そして彼女たちによる採寸作業が始まった。
俺の情けない声を皮切りにして。
♢♢♢
採寸が終わった後、ほかの女子達に全身まさぐられて心身ともに疲弊するもなんとか乗り切り帰路につくことができた。
「奏、お前大丈夫か?かなり疲れてるように見えるんだが……そ、それに学校では悲鳴も、な……」
少しどんよりした気分の俺を叶は心配してくれているらしい。ちょっと嬉しい。けど、あれが聞かれてたのはすごく恥ずかしい……。
「疲れたけど大丈夫だよ」
心配してくれるのは嬉しいけどあまり心配もかけたくないので明るく応える。
「そうか?ならいいけど」
「心配してくれてありがとね」
素直にお礼だけ言っておく。
「おう。別に大したことでもないけどな」
叶がフッと顔を背ける。

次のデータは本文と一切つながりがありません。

(* Since lam^2 = -1, x^n + 1 = (x^m + lam)(x^m - lam) with m = n/2, and e1, e2 are the
   idempotents of the corresponding Chinese remainder splitting (e1 + e2 = 1, e1 vanishes
   modulo x^m + lam and e2 modulo x^m - lam).  Hence every c in C is e1 c1 + e2 c2 with
   c_i its residues, and the residue codes are the ideals generated by g modulo each
   factor, whose generators are the gcds.  Moreover e1 c1 + e2 c2 = (c1 + c2)/2 +
   x^m lam (c1 - c2)/2, so up to scaling its two halves a codeword is the Plotkin-type
   word (c1 + c2 | c1 - c2).  Its weight wt (c1 + c2) + wt (c1 - c2) is 2 wt c_i when the
   other residue vanishes and, as 2 is invertible, at least max (wt c1) (wt c2)
   otherwise; this gives the dimension and all the distance statements. *)

Lemma odd_card_two_neq0 (F : finFieldType) : odd #|F| -> (2 : F) != 0.
Proof.
apply: contraTneq => two0.
have o1 : #[1%R : F]%g = 2%N.
  apply/prime_nt_dvdP => //; first by rewrite order_eq1 oner_eq0.
  by rewrite order_dvdn; apply/eqP.
by rewrite -dvdn2 -o1 -cardsT order_dvdG ?inE.
Qed.

Lemma neq0_addsub (F : fieldType) (x y : F) :
  (2 : F) != 0 -> x != 0 -> (x + y != 0) || (x - y != 0).
Proof.
move=> two0; rewrite -negb_and; apply: contra => /andP[/eqP xy0 /eqP x_y0].
have : x * 2 = (x + y) + (x - y) by rewrite mulr_natr mulr2n addrACA subrr addr0.
by rewrite xy0 x_y0 addr0 => /eqP; rewrite mulf_eq0 (negbTE two0) orbF.
Qed.

Section Weight.
Variables (F : finFieldType) (N : nat).
Implicit Types (u v : 'rV[F]_N) (a : F).

Lemma wtE v : wt v = (\sum_(i < N) (v 0%R i != 0%R))%N.
Proof. by rewrite /wt -sum1_card big_mkcond; apply: eq_bigr => i _; rewrite inE. Qed.

Lemma wt_leN v : (wt v <= N)%N.
Proof. by rewrite /wt -[leqRHS]card_ord max_card. Qed.

Lemma wt_eq0 v : (wt v == 0%N) = (v == 0).
Proof.
rewrite wtE sum_nat_eq0; apply/forallP/eqP => [v0|-> i]; last by rewrite mxE eqxx.
by apply/rowP => i; rewrite mxE; apply/eqP; have := v0 i; rewrite eqb0 negbK.
Qed.

Lemma wtZ a v : a != 0 -> wt (a *: v) = wt v.
Proof.
by move=> a0; rewrite !wtE; apply: eq_bigr => i _; rewrite mxE mulf_eq0 (negbTE a0).
Qed.

Lemma wtN v : wt (- v) = wt v.
Proof. by rewrite -scaleN1r wtZ ?oppr_eq0 ?oner_eq0. Qed.

Lemma wt_le_addsub u v : (2 : F) != 0 -> (wt u <= wt (u + v) + wt (u - v))%N.
Proof.
move=> two0; rewrite !wtE -big_split /=; apply: leq_sum => i _; rewrite !mxE.
have [//|ui0] := eqVneq (u 0 i) 0.
by case/orP: (neq0_addsub (v 0 i) two0 ui0) => ->; rewrite ?leq_addr ?leq_addl.
Qed.

End Weight.
(* Let $U\subseteq\mathbb{R}$ be open, let $\widetilde{H}\subseteq U$ be Lebesgue measurable and let $\varepsilon>0$. Then there is an open set $H\subseteq U$ such that $|\widetilde{H}\setminus H|=0$ and, for every bounded connected component $I=(a,b)$ of $H$, the point $a$ is a right density point of $\widetilde{H}$, the point $b$ is a left density point of $\widetilde{H}$, and for every $r\in(0,b-a)$ $$\max\Big\{\frac{|(a,a+r)\setminus\widetilde{H}|}{r},\ \frac{|(b-r,b)\setminus\widetilde{H}|}{r}\Big\}<\varepsilon.$$
   Context: $|A|$ denotes Lebesgue measure. A point $x$ is a right (resp. left) density point of a set $A$ if for every sequence of intervals $I_n=[x,x+r_n]$ (resp. $I_n=[x-r_n,x]$) with $r_n\searrow0$ we have $|A\cap I_n|/|I_n|\to1$. *)

From mathcomp Require Import all_boot all_order all_algebra.
From mathcomp Require Import all_classical all_reals all_analysis.
Import Order.TTheory GRing.Theory Num.Theory numFieldNormedType.Exports.
Local Open Scope classical_set_scope.
Local Open Scope ring_scope.

(* Lebesgue measurable sets of R: the Caratheodory-measurable sets of the
   Lebesgue outer measure (= the completion of the Borel sigma-algebra). *)
Definition Lmeasurable {R : realType} (A : set R) : Prop :=
  ((@wlength R idfun)^*%mu).-cara.-measurable A.

Definition Lmeasure {R : realType} (A : set R) : \bar R :=
  completed_lebesgue_measure A.

Definition right_density_point {R : realType} (A : set R) (x : R) : Prop :=
  forall r : nat -> R,
    (forall n, 0 < r n) ->
    (forall m n, (m <= n)%N -> r n <= r m) ->
    r @ \oo --> (0 : R) ->
    (fun n => fine (Lmeasure (A `&` `[x, x + r n]%classic)) / r n) @ \oo --> (1 : R).

Definition left_density_point {R : realType} (A : set R) (x : R) : Prop :=
  forall r : nat -> R,
    (forall n, 0 < r n) ->
    (forall m n, (m <= n)%N -> r n <= r m) ->
    r @ \oo --> (0 : R) ->
    (fun n => fine (Lmeasure (A `&` `[x - r n, x]%classic)) / r n) @ \oo --> (1 : R).

From mathcomp Require Import all_boot all_order all_algebra.
From mathcomp Require Import all_classical all_reals all_analysis.
From mathcomp Require Import lra ring.
Import Order.TTheory GRing.Theory Num.Theory numFieldNormedType.Exports.
Local Open Scope classical_set_scope.
Local Open Scope ring_scope.

(* Replace the Lebesgue measurable set by a Borel set A, contained in U, that
   differs from it by a null set. By Lebesgue's density theorem almost every
   point x of A is a point where ~` A has density zero. Near such an x, the
   set S of points of ~` A close to x has small measure, so by the
   Hardy-Littlewood maximal inequality most points y near x satisfy
   M(1_S)(y) <= eta, i.e. |S ∩ (y - r, y + r)| <= 2 eta r for every r > 0.
   Choosing both endpoints of an interval around x among such density points
   gives arbitrarily short intervals ]a, b[ whose one-sided complement ratios
   stay below eps. Vitali's covering theorem selects countably many of them
   with pairwise disjoint closures covering almost all of A; their union is H,
   and disjointness of the closures makes them the components of H. *)

Section lebesgue_measure_facts.
Context {R : realType}.
Notation mu := (@lebesgue_measure R).

Lemma nbhs_right0_exists {P : R -> Prop} : (\forall r \near 0^'+, P r) ->
  exists2 d : R, 0 < d & forall r, 0 < r -> r < d -> P r.
Proof.
move=> [d /= d0 Pd]; exists d => // r r0 rd; apply: Pd => //=.
by rewrite sub0r normrN gtr0_norm.
Qed.

Lemma lebesgue_measure_fin_num {X Y : set R} :
  X `<=` Y -> (mu Y < +oo)%E -> mu X \is a fin_num.
Proof.
by move=> XY Yoo; rewrite ge0_fin_numE// (le_lt_trans (le_outer_measure mu _ _ XY)).
Qed.

Lemma subset_lebesgue_measure0 {X Y : set R} :
  X `<=` Y -> mu Y = 0%E -> mu X = 0%E.
Proof.
move=> XY Y0; apply/eqP; rewrite eq_le measure_ge0 andbT -Y0.
exact: le_outer_measure.
Qed.

Lemma lebesgue_measureU0 {X Y : set R} :
  mu X = 0%E -> mu Y = 0%E -> mu (X `|` Y) = 0%E.
Proof.
move=> X0 Y0; have XY : (mu (X `|` Y) <= mu X + mu Y)%E := outer_measureU2 mu X Y.
by apply/eqP; rewrite eq_le measure_ge0 andbT (le_trans XY)// X0 Y0 adde0.
Qed.

Lemma fine_lebesgue_measure_lt (X : set R) (r c : R) :
  0 < r -> (mu X < (c * r)%:E)%E -> fine (mu X) / r < c.
Proof.
move=> r0 Xcr; have Xfin : mu X \is a fin_num.
  by rewrite ge0_fin_numE// (lt_le_trans Xcr) ?leey.
by move: Xcr; rewrite -(fineK Xfin) lte_fin ltr_pdivrMr.
Qed.

Lemma fine_measureI_setC {A X : set R} {s : R} :
  measurable A -> measurable X -> mu X = s%:E ->
  fine (mu (A `&` X)) = s - fine (mu (~` A `&` X)).
Proof.
move=> mA mX Xs.
have fin Y : Y `<=` X -> mu Y \is a fin_num.
  by move=> YX; apply: lebesgue_measure_fin_num YX _; rewrite Xs ltry.
have : mu X = (mu (~` A `&` X) + mu (A `&` X))%E.
  by rewrite (measureDI mu mX mA) setDE setIC [X `&` A]setIC.
move: (fin _ (@subIsetr _ A X)) (fin _ (@subIsetr _ (~` A) X)).
move=> /fineK <- /fineK <-; rewrite Xs -EFinD => -[->].
by rewrite /= addrC addKr.
Qed.

End lebesgue_measure_facts.

Section density_points.
Context {R : realType}.
Notation mu := (@lebesgue_measure R).

Definition density_point (A : set R) (x : R) := A x /\ forall th : R, 0 < th ->
  exists2 d : R, 0 < d & forall r, 0 < r -> r < d ->
    (mu (~` A `&` ball x r) <= (th * r)%:E)%E.

Lemma density_point_ae {A : set R} : measurable A ->
  exists N, [/\ measurable N, mu N = 0%E & A `\` density_point A `<=` N].
Proof.
move=> mA; have [N [mN N0 AN]] := lebesgue_density mA.
exists N; split => // x [Ax ndx]; apply: AN => /= dx; apply: ndx; split => // th th0.
move: dx; rewrite indicE mem_set// => /fine_cvgP[_ /cvgrPdist_lt].
have th2 : 0 < th / 2 by rewrite divr_gt0.
move=> /(_ _ th2)/nbhs_right0_exists[d d0 Hd].
exists d => // r r0 rd.
have : `|1 - fine (mu (A `&` ball x r) / mu (ball x r))%E| < th / 2 := Hd r r0 rd.
have mB : measurable (ball x r) := measurable_realfun.measurable_ball x r.
have muB := lebesgue_measure_ball x (ltW r0).
have Bfin : (mu (ball x r) < +oo)%E by rewrite muB ltry.
have Cfin := lebesgue_measure_fin_num (@subIsetr _ (~` A) _) Bfin.
have Afin := lebesgue_measure_fin_num (@subIsetr _ A _) Bfin.
rewrite muB inver mulrn_eq0 (gt_eqF r0) /= -(fineK Afin) -EFinM /=.
rewrite (fine_measureI_setC mA mB muB) -[X in (X <= _)%E](fineK Cfin) lee_fin.
set c := fine _.
have r2 : 0 < r *+ 2 by rewrite mulrn_wgt0.
have c0 : 0 <= c by exact: fine_ge0 (measure_ge0 _ _).
have -> : 1 - (r *+ 2 - c) / (r *+ 2) = c / (r *+ 2) by field; rewrite gt_eqF.
rewrite ger0_norm ?divr_ge0 ?(ltW r2)// ltr_pdivrMr// => /ltW.
by have -> : th / 2 * (r *+ 2) = th * r by rewrite mulr2n; field.
Qed.

Lemma density_point_cvg {A : set R} {y : R} {I : R -> set R} :
  measurable A -> density_point A y ->
  (forall s, 0 < s -> [/\ measurable (I s), mu (I s) = s%:E & I s `<=` ball y (s *+ 2)]) ->
  forall r : nat -> R, (forall n, 0 < r n) -> r @ \oo --> (0 : R) ->
  (fun n => fine (mu (A `&` I (r n))) / r n) @ \oo --> (1 : R).
Proof.
move=> mA [_ dy] HI r r0 r_cvg; apply/cvgrPdist_le => e e0.
have e2 : 0 < e / 2 by rewrite divr_gt0.
have [d d0 Hd] := dy _ e2.
have d2 : 0 < d / 2 by rewrite divr_gt0.
move/cvgrPdist_lt : r_cvg => /(_ _ d2) r_small.
near=> n.
have [mI muI Isub] := HI _ (r0 n).
have rd : r n *+ 2 < d.
  near: n; apply: filterS r_small => m; rewrite sub0r normrN gtr0_norm// [r m *+ 2]mulr2n.
  lra.
have Ifin : (mu (I (r n)) < +oo)%E by rewrite muI ltry.
have Cfin := lebesgue_measure_fin_num (@subIsetr _ (~` A) _) Ifin.
have r2 : 0 < r n *+ 2 by rewrite mulrn_wgt0.
have := le_trans (le_outer_measure mu _ _ (@setIS _ (~` A) _ _ Isub)) (Hd _ r2 rd).
rewrite (fine_measureI_setC mA mI muI) -[X in (X <= _)%E](fineK Cfin) lee_fin.
set c := fine _.
have c0 : 0 <= c by exact: fine_ge0 (measure_ge0 _ _).
have -> : 1 - (r n - c) / r n = c / r n by field; rewrite gt_eqF.
rewrite ger0_norm ?divr_ge0 ?(ltW (r0 n))// ler_pdivrMr//.
by have -> : e / 2 * (r n *+ 2) = e * r n by rewrite mulr2n; field.
Unshelve. all: by end_near.
Qed.

End density_points.

Section null_difference.
Context {R : realType}.
Notation mu := (@lebesgue_measure R).
Variables (B A : set R).
Hypotheses (BA : B `<=` A) (AB0 : mu (A `\` B) = 0%E).

Lemma lebesgue_measure_sandwich (X Y : set R) :
  X `<=` Y -> Y `<=` X `|` (A `\` B) -> mu X = mu Y.
Proof.
move=> XY YX; apply/eqP; rewrite eq_le le_outer_measure//=.
have XN : (mu (X `|` A `\` B) <= mu X + mu (A `\` B))%E := outer_measureU2 mu _ _.
by rewrite (le_trans (le_outer_measure mu _ _ YX))// (le_trans XN)// AB0 adde0.
Qed.

Lemma lebesgue_measureI_null_diff (X : set R) : mu (B `&` X) = mu (A `&` X).
Proof.
apply: lebesgue_measure_sandwich; first exact: setSI.
by move=> z [Az Xz]; have [Bz|nBz] := pselect (B z); [left|right].
Qed.

Lemma lebesgue_measureD_null_diff (X : set R) : mu (X `\` B) = mu (X `\` A).
Proof.
apply/esym/lebesgue_measure_sandwich => [z [Xz nAz]|z [Xz nBz]].
  by split=> // /BA.
by have [Az|nAz] := pselect (A z); [right|left].
Qed.

Lemma density_point_right (y : R) : measurable A -> density_point A y ->
  right_density_point B y.
Proof.
move=> mA dy r r0 _ r_cvg.
have I_ok s : 0 < s -> [/\ measurable `[y, y + s]%classic,
    mu `[y, y + s]%classic = s%:E & `[y, y + s]%classic `<=` ball y (s *+ 2)].
  move=> s0; split; first exact: measurable_itv.
    by rewrite lebesgue_measure_itv/= lte_fin ltrDl s0 -EFinD addrAC subrr add0r.
  move=> z; rewrite /= in_itv/= => /andP[yz zy].
  by rewrite /ball/= ltr_distlC; apply/andP; split; rewrite mulr2n; lra.
under eq_cvg do rewrite [Lmeasure _]lebesgue_measureI_null_diff.
exact: (density_point_cvg mA dy I_ok r r0 r_cvg).
Qed.

Lemma density_point_left (y : R) : measurable A -> density_point A y ->
  left_density_point B y.
Proof.
move=> mA dy r r0 _ r_cvg.
have I_ok s : 0 < s -> [/\ measurable `[y - s, y]%classic,
    mu `[y - s, y]%classic = s%:E & `[y - s, y]%classic `<=` ball y (s *+ 2)].
  move=> s0; split; first exact: measurable_itv.
    by rewrite lebesgue_measure_itv/= lte_fin ltrBlDr ltrDl s0 -EFinD opprB addrC subrK.
  move=> z; rewrite /= in_itv/= => /andP[yz zy].
  by rewrite /ball/= ltr_distlC; apply/andP; split; rewrite mulr2n; lra.
under eq_cvg do rewrite [Lmeasure _]lebesgue_measureI_null_diff.
exact: (density_point_cvg mA dy I_ok r r0 r_cvg).
Qed.

End null_difference.

Section maximal_function.
Context {R : realType}.
Notation mu := (@lebesgue_measure R).

Lemma integral_abs_indic (S D : set R) : measurable S -> measurable D ->
  (\int[mu]_(y in D) `|(\1_S y)%:E| = mu (S `&` D))%E.
Proof.
move=> mS mD.
under eq_integral => y _ do rewrite gee0_abs ?lee_fin ?indicE ?ler0n//.
rewrite -(integral_indic mu mD mS); apply: eq_integral => y _.
by rewrite indicE.
Qed.

Lemma measure_ball_le_HL_maximal_indic (S : set R) (y r eta : R) :
  measurable S -> 0 < r -> (HL_maximal \1_S y <= eta%:E)%E ->
  (mu (S `&` ball y r) <= (eta * (r *+ 2))%:E)%E.
Proof.
move=> mS r0 HL.
have : (iavg \1_S (ball y r) <= eta%:E)%E.
  apply: le_trans HL; apply: ereal_sup_ubound => /=.
  by exists r => //; rewrite in_itv/= r0.
have muB := lebesgue_measure_ball y (ltW r0).
have Bfin : (mu (ball y r) < +oo)%E by rewrite muB ltry.
have Sfin := lebesgue_measure_fin_num (@subIsetr _ S _) Bfin.
rewrite /iavg integral_abs_indic//; last exact: measurable_realfun.measurable_ball.
rewrite muB inver mulrn_eq0 (gt_eqF r0) /= -(fineK Sfin) -EFinM !lee_fin.
by rewrite -ler_pdivrMr ?mulrn_wgt0// mulrC.
Qed.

夕日に照らされてよく分からないが顔に朱が刺しているようにも見える。
おお?これは照れてるのかな?ちょっとからかってやろうかな。
「叶、どうしたの?照れてるの?ううん?」
ニヤついた声を抑えることなく叶に問いかける。あっ、こっちに目を向けてきた。そしてほぼ同時に伸ばされた手は俺の方へ伸びてきて―――俺の頬をむにゅっと掴んできた。
「まうにむぅのは!いはい!いはいはああ!」
「はあ…せっかく心配してやった上に無駄に悩んでた俺が馬鹿みたいにじゃないか……」
からかって悪かったから……早く離して………
「ほらほら、奏ちゃんが痛がってるよ。早く離してあげて」
「おっと。すまん」
「い、痛かった…」
恵海ちゃんが助けの手を入れてくれてよかったよ…
「もう、奏ちゃんは女の子なんだからもうちょっと優しくしないとダメだよ?」
「わかったって……すまん奏」
「僕もからかってごめんね」
「それでよろしい」
恵海ちゃんの手によってこの場は収められた。伊達に叶の姉はしてないよね。
「正直奏ちゃんもなかなか罪な子だよね」
「えええ!?!!」
全くもって心当たりがないんだけど…
「その顔は全くわかってないなぁ~?」
うぐっ、どうして見抜かれたんだろう……
「奏ちゃんは顔に出やすいから」
さらに俺の心を読んで答える恵海ちゃん。そんなに出やすいのかな……
「ふふふ、叶もそう思うよね」
「そうだな……前よりも全然出やすいな」
「そっ、そっか…」
叶までもそう思うんだ。これからはポーカーフェイスを意識して過ごそうかな?ミステリアスで格好いいかも。口を結んで眉を少し上げる感じで。
「なあかな……ぶふっっ!奏それはまさかポーカーフェイスのつもりなんじゃないよな?くっ、笑いが……!」
「わ、笑わないでよ!」
急に笑うなんて酷いじゃないか…ショック。
「えー!どんな顔してたの?見せて見せて」
「やだっ!」
叶に大笑いされたような顔はもう見せれない。
「あーあ、叶が笑ったせいで私も見れないじゃん」
「知らねぇって」
「お願い奏ちゃん!私もみたい!」
「恵海ちゃんしつこい!」
そんなぁとうなだれる恵海ちゃん。その様子が少しおかしくて笑ってしまう。
今日から学園祭に向けての準備や練習が始まってこれからが楽しみだけれど、やっぱりこうしていつも通りの帰り道を歩いて過ごせるのもすごく楽しいなぁって改めて思った。